■ **Problem to solve**: Going through the data below, tally every line where the string "split" occurs, then give only the tally.

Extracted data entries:

--- START ---

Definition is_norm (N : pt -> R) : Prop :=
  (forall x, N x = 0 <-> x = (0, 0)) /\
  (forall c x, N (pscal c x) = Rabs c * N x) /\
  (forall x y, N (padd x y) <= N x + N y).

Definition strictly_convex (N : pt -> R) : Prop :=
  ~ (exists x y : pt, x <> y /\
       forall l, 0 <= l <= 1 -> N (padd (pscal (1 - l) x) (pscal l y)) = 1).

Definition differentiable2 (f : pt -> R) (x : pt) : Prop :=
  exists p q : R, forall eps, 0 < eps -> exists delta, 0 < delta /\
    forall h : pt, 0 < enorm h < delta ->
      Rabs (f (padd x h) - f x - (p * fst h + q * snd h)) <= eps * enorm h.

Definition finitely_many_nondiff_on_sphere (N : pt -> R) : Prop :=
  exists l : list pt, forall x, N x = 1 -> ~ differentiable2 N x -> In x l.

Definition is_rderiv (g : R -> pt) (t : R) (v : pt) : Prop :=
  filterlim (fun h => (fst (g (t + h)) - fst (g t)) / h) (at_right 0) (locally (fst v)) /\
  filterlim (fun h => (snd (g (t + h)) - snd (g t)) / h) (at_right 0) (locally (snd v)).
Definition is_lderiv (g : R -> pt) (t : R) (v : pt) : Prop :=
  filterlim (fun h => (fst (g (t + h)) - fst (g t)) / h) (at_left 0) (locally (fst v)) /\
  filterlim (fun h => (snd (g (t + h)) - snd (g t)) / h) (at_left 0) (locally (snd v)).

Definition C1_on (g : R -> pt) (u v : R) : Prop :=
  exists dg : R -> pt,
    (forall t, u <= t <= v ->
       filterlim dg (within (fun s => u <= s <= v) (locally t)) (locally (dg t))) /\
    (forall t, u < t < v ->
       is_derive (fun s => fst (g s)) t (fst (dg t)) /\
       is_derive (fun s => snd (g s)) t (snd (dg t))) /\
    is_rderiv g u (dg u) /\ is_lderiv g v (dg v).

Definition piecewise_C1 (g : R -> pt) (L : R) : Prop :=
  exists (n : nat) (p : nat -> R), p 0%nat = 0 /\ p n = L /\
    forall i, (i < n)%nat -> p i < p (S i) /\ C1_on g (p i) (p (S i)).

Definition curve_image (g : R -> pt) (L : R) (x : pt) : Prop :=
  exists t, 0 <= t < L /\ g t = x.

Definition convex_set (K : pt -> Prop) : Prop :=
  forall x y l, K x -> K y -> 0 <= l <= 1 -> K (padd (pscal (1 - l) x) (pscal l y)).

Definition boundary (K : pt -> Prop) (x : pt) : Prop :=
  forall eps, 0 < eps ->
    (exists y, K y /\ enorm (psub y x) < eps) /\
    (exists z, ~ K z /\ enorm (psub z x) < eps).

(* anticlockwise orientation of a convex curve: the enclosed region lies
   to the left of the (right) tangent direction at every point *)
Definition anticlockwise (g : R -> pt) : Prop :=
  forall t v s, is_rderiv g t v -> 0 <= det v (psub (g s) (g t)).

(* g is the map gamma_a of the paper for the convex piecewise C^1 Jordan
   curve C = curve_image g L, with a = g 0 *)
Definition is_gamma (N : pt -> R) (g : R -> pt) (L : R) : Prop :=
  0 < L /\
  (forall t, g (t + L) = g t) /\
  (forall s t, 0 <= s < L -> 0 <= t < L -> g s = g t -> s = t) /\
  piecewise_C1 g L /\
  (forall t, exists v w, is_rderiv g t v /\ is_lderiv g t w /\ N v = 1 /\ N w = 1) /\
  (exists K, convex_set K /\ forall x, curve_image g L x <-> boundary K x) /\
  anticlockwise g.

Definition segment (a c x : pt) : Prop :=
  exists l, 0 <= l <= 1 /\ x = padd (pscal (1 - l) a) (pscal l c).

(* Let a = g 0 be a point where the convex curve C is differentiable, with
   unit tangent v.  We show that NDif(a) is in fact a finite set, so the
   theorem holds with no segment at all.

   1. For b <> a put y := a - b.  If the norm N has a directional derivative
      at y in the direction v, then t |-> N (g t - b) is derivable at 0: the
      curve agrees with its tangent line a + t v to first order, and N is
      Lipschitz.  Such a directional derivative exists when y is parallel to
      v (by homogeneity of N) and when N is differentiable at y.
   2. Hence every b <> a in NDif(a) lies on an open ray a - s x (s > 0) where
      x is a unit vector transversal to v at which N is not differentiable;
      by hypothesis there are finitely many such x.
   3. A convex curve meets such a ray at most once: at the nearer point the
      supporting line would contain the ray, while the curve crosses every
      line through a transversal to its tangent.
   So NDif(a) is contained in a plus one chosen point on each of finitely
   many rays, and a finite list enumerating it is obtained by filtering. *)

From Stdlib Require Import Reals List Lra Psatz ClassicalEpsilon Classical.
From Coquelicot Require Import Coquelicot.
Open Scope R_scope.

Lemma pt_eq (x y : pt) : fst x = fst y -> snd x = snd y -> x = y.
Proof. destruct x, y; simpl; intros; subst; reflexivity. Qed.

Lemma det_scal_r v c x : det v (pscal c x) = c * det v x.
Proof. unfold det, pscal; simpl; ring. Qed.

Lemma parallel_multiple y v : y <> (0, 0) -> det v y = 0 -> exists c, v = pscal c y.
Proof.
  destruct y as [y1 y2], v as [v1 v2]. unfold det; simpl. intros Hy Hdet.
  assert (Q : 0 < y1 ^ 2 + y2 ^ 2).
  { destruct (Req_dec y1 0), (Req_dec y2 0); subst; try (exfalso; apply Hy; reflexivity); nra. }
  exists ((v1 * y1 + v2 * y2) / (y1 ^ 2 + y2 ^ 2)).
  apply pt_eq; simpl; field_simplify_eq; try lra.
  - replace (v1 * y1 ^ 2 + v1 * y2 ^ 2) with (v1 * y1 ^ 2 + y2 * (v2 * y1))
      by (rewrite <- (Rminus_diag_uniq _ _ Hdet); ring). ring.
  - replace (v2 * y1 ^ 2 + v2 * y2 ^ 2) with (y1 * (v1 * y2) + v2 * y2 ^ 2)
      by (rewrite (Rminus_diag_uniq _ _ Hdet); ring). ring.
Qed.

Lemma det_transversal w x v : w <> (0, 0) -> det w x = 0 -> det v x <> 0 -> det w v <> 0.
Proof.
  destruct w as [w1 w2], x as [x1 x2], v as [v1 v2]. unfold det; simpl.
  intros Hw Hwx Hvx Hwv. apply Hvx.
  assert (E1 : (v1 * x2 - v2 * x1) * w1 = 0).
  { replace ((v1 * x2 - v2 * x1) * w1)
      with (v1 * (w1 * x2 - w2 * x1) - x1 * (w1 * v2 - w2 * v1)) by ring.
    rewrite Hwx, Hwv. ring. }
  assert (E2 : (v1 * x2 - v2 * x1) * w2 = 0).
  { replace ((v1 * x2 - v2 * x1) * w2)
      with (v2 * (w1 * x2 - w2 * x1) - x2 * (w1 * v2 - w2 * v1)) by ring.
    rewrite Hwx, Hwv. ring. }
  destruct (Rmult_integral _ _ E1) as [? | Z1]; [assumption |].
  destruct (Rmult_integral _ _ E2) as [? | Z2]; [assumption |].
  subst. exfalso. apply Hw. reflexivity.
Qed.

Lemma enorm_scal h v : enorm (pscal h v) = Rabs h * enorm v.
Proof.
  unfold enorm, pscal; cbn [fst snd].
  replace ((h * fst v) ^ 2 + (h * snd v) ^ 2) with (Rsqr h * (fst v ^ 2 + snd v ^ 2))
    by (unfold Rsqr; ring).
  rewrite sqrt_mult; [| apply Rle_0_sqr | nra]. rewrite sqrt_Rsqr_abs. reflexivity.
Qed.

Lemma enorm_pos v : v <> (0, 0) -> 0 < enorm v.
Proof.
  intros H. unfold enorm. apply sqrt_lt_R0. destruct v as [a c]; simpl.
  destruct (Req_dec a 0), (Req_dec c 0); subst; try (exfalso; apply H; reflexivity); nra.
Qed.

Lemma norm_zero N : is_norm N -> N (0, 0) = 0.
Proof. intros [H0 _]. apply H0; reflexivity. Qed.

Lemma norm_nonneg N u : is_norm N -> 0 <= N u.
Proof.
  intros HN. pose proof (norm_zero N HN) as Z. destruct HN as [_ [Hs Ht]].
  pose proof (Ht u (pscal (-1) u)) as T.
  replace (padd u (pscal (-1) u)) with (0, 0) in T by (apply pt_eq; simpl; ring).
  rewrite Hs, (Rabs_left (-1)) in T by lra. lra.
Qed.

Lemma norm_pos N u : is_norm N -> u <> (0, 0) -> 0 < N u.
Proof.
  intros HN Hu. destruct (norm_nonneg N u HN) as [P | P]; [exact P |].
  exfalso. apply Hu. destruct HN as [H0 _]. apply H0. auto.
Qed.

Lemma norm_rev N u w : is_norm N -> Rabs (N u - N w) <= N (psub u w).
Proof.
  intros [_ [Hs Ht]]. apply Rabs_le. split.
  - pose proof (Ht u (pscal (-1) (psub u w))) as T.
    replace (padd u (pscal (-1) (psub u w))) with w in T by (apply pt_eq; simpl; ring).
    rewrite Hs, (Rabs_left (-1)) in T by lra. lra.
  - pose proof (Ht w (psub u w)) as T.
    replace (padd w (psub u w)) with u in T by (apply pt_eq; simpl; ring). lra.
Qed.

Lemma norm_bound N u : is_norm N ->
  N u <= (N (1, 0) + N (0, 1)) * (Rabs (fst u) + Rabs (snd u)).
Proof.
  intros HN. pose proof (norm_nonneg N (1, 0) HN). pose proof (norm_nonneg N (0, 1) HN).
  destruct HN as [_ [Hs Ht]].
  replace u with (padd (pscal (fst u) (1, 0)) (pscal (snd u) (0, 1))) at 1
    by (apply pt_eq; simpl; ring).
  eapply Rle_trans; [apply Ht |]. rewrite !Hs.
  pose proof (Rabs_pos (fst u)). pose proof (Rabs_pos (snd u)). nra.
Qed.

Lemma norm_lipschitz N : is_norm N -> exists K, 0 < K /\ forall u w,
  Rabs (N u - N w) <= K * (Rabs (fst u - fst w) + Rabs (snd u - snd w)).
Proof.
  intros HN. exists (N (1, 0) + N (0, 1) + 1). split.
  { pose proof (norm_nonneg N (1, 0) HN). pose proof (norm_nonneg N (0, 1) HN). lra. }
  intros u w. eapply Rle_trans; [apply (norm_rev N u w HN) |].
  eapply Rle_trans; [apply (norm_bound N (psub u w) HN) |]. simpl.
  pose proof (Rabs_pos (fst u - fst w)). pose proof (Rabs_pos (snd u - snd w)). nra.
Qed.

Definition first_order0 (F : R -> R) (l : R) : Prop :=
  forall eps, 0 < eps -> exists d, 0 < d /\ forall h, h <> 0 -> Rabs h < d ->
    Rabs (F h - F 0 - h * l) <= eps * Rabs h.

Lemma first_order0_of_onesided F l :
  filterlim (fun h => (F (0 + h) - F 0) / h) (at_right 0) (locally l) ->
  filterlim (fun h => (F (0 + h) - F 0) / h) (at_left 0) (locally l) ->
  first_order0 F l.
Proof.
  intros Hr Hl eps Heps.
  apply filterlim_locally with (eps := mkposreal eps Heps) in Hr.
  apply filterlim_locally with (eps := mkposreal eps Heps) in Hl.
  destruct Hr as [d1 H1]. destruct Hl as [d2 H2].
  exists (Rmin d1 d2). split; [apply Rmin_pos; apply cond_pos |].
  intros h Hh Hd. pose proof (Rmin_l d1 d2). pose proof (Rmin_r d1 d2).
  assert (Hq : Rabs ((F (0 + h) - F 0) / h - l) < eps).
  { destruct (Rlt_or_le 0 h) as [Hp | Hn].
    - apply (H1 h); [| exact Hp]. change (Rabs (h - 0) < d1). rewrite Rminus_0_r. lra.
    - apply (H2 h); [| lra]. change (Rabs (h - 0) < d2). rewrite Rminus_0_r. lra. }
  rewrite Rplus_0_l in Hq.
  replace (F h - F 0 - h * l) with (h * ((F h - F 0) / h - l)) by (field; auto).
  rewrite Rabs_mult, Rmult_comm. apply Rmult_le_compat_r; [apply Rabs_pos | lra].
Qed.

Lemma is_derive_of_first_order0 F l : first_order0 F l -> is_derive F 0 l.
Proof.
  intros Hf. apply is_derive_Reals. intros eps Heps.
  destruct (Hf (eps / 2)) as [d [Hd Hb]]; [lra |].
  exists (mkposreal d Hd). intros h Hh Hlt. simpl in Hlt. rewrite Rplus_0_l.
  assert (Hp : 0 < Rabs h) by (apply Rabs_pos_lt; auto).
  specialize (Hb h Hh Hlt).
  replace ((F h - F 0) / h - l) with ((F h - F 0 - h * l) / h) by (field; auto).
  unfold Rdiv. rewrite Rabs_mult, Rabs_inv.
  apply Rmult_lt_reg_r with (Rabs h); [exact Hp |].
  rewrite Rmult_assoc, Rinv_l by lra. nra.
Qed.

--- END ---

■ **Written answer**: 3